While toying around with an example from user_namespaces(7), I've come across a strange behaviour.
What the application does
The application user-ns-ex
calls clone(2) with CLONE_NEWUSER, thus creating a new process in a new user namespace. The parent process writes a map (0 1000 1
) to /proc//uid_map file and tells (via a pipe) the child that it can proceed. The child process then execs bash
.
I've copied the source code here.
The problem
The application opens /proc//uid_map for writing if I either set it no capabilites or all of them.

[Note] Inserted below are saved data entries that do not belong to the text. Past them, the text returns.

Lemma sin_pos_cases (u : R) :
  0 < sin u -> - (2 * PI) <= u <= 2 * PI -> (0 < u < PI) \/ (- (2 * PI) < u < - PI).
Proof.
  intros Hs Hu; pose proof PI_RGT_0.
  destruct (Rle_lt_dec PI u); [pose proof (sin_le_0 u ltac:(lra) ltac:(lra)); lra|].
  destruct (Rle_lt_dec u 0); [|left; lra].
  destruct (Rle_lt_dec (- PI) u).
  - pose proof (sin_ge_0 (- u) ltac:(lra) ltac:(lra)); rewrite sin_neg in *; lra.
  - destruct (Rle_lt_dec u (- (2 * PI))); [|right; lra].
    replace u with (- (2 * PI)) in Hs by lra; rewrite sin_neg, sin_2PI in Hs; lra.
Qed.

Lemma periodic_sign_change (g : nat -> R) (m : nat) :
  (0 < m)%nat -> (forall n, g n = g (n mod m)) ->
  (exists k, 0 <= g k) -> (exists l, g l <= 0) ->
  exists k, (k < m)%nat /\ 0 <= g k /\ g (S k) <= 0.
Proof.
  intros Hm Hper [k Hk] [l Hl]; apply NNPP; intro Hno.
  assert (Hstep : forall n, 0 <= g n -> 0 < g (S n)).
  { intros n Hn; destruct (Rle_lt_dec (g (S n)) 0) as [h|h]; [|exact h].
    exfalso; apply Hno; exists (n mod m); split; [apply Nat.mod_upper_bound; lia|].
    rewrite <- Hper; split; [exact Hn|].
    rewrite Hper, <- Nat.add_1_r, Nat.Div0.add_mod_idemp_l, Nat.add_1_r, <- Hper.
    exact h. }
  assert (Hfrom_k : forall j, 0 <= g (k + j)%nat).
  { induction j; [rewrite Nat.add_0_r; exact Hk|].
    rewrite Nat.add_succ_r; apply Rlt_le, Hstep, IHj. }
  (* k + (l + (m-1)(k+1)) + 1 = l + (k+1) m is congruent to l *)
  pose proof (Hstep _ (Hfrom_k (l + (m - 1) * S k)%nat)) as Hc.
  replace (S (k + (l + (m - 1) * S k))) with (l + S k * m)%nat in Hc by nia.
  rewrite Hper, Nat.Div0.mod_add, <- Hper in Hc; lra.
Qed.

Lemma tcyc_lt (t : list pt) (i : nat) : (i < length t)%nat -> tcyc t i = nth i t (0, 0).
Proof. intros H; unfold tcyc; rewrite Nat.mod_small; auto. Qed.

Lemma tcyc_mod (t : list pt) (i : nat) : tcyc t i = tcyc t (i mod length t).
Proof. unfold tcyc; rewrite Nat.Div0.mod_mod; reflexivity. Qed.

Lemma tcyc_In (t : list pt) (i : nat) : (0 < length t)%nat -> In (tcyc t i) t.
Proof. intros H; apply nth_In, Nat.mod_upper_bound; lia. Qed.

Lemma In_tcyc (t : list pt) (q : pt) :
  In q t -> exists k, (k < length t)%nat /\ tcyc t k = q.
Proof.
  intros Hq; destruct (In_nth t q (0, 0) Hq) as [k [Hk Hn]].
  exists k; split; [exact Hk|]; rewrite tcyc_lt; auto.
Qed.

Section ConvexPosition.

Variable P : list pt.
Hypothesis HS : standing P.

Lemma standing_nonnil : P <> nil.
Proof.
  intros ->; assert (Hu : unit_vec (1, 0)).
  { unfold unit_vec, norm2; simpl; replace (1 * 1 + 0 * 0) with 1 by ring; apply sqrt_1. }
  pose proof (HS _ Hu); simpl in *; lra.
Qed.

(* omega is positively homogeneous, and positive on the unit circle. *)
Lemma omega_pos (y : pt) : y <> (0, 0) -> 0 < omega y P.
Proof.
  intros Hy; pose proof (sum_sq_pos y Hy) as Hs.
  pose proof (norm2_pos y Hy) as Hn.
  assert (Hnn : norm2 y * norm2 y = fst y * fst y + snd y * snd y)
    by (apply sqrt_sqrt; lra).
  set (n := norm2 y) in *.
  assert (Hu : unit_vec (fst y / n, snd y / n)).
  { unfold unit_vec, norm2; simpl.
    replace (fst y / n * (fst y / n) + snd y / n * (snd y / n))
      with ((fst y * fst y + snd y * snd y) / (n * n)) by (field; lra).
    rewrite <- Hnn, Rdiv_diag by nra; apply sqrt_1. }
  destruct (omega_attained P (fst y / n, snd y / n) standing_nonnil) as [q [Hq Heq]].
  pose proof (HS _ Hu); pose proof (omega_ge P q y Hq).
  assert (dot q y = n * dot q (fst y / n, snd y / n)) by (unfold dot; simpl; field; lra).
  nra.
Qed.

Lemma extreme_neq0 (w : pt) : extreme P w -> w <> (0, 0).
Proof.
  intros [_ [y [Hy Hw]]]; pose proof (omega_pos y Hy).
  apply (dot_neq0 w y); lra.
Qed.

Lemma approx_cell_of_extreme (eps : R) (p : pt) :
  0 <= eps -> extreme P p -> exists x, approx_voronoi_cell P eps p x.
Proof.
  intros Heps [_ [y [Hy Hp]]]; pose proof (omega_pos y Hy).
  exists y; split; [exact Hy|nra].
Qed.

(* An extreme point does not lie strictly inside the triangle 0 u v. *)
Lemma extreme_cross_bound (u v w : pt) :
  In u P -> In v P -> extreme P w -> 0 <= cross w v -> 0 <= cross u w ->
  cross u v <= cross w v + cross u w.
Proof.
  intros Hu Hv [_ [y [Hy Hw]]] Hwv Huw.
  pose proof (omega_pos y Hy); pose proof (cross_dot_le_omega P u v w y Hu Hv Hwv Huw).
  nra.
Qed.

Variable t : list pt.
Hypothesis Hext : forall q, In q t <-> extreme P q.

Lemma omega_attained_at_vertex (y : pt) :
  y <> (0, 0) -> exists q, In q t /\ omega y P = dot q y.
Proof.
  intros Hy; destruct (omega_attained P y standing_nonnil) as [q [Hq Heq]].
  exists q; split; [apply Hext; split; [exact Hq|exists y; split; [exact Hy|lra]]|exact Heq].
Qed.

Lemma exists_vertex_dot_pos (y : pt) : y <> (0, 0) -> exists q, In q t /\ 0 < dot q y.
Proof.
  intros Hy; destruct (omega_attained_at_vertex y Hy) as [q [Hq Heq]].
  exists q; split; [exact Hq|]; rewrite <- Heq; apply omega_pos, Hy.
Qed.

Lemma vertices_length_pos : (0 < length t)%nat.
Proof.
  destruct (exists_vertex_dot_pos (1, 0)) as [q [Hq _]]; [intros E; injection E; lra|].
  destruct t; [destruct Hq|simpl; lia].
Qed.

Lemma exists_vertex_dot_nonneg (y : pt) : exists q, In q t /\ 0 <= dot q y.
Proof.
  destruct (classic (y = (0, 0))) as [->|Hy].
  - exists (tcyc t 0); split; [apply tcyc_In, vertices_length_pos|].
    unfold dot; simpl; lra.
  - destruct (exists_vertex_dot_pos y Hy) as [q [Hq Hd]]; exists q; split; [exact Hq|lra].
Qed.

Lemma cone_cover (v : pt) :
  exists k, (k < length t)%nat /\ 0 <= cross (tcyc t k) v /\ 0 <= cross v (tcyc t (S k)).
Proof.
  destruct (periodic_sign_change (fun n => cross (tcyc t n) v) (length t))
    as [k [Hk [H1 H2]]].
  - exact vertices_length_pos.
  - intros n; rewrite tcyc_mod at 1; reflexivity.
  - destruct (exists_vertex_dot_nonneg (snd v, - fst v)) as [q [Hq Hd]].
    destruct (In_tcyc t q Hq) as [k [_ <-]]; exists k.
    unfold cross, dot in *; simpl in *; lra.
  - destruct (exists_vertex_dot_nonneg (- snd v, fst v)) as [q [Hq Hd]].
    destruct (In_tcyc t q Hq) as [k [_ <-]]; exists k.
    unfold cross, dot in *; simpl in *; lra.
  - exists k; split; [exact Hk|]; rewrite cross_anti in H2; split; lra.
Qed.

When I set only set_capuid,set_capgid and optionally cap_sys_admin the call to open(2) fails:
Set caps:
arksnote linux-namespaces # setcap 'cap_setuid,cap_setgid,cap_sys_admin=epi' ./user-ns-ex
arksnote linux-namespaces # getcap ./user-ns-ex
./user-ns-ex = cap_setgid,cap_setuid,cap_sys_admin+eip
Try to run:
kamyshev@arksnote ~/workspace/personal/linux-kernel/linux-namespaces $ ./user-ns-ex -v -U -M '0 1000 1' bash
./user-ns-ex: PID of child created by clone() is 19666
ERROR: open /proc/19666/uid_map: Permission denied
About to exec bash
And now a successfull case:
No capabilities:
arksnote linux-namespaces # setcap '=' ./user-ns-ex
arksnote linux-namespaces # getcap ./user-ns-ex
./user-ns-ex =
Runs Ok:
kamyshev@arksnote ~/workspace/personal/linux-kernel/linux-namespaces $ ./user-ns-ex -v -U -M '0 1000 1' bash
./user-ns-ex: PID of child created by clone() is 19557
About to exec bash
arksnote linux-namespaces # exit
I've been trying to find the reason in man-pages and playing with different capabilities but with no luck as of this moment. What puzzles me the most, is that the application runs with less capabilities and does not with more.
Can someone help me and clarify the issue?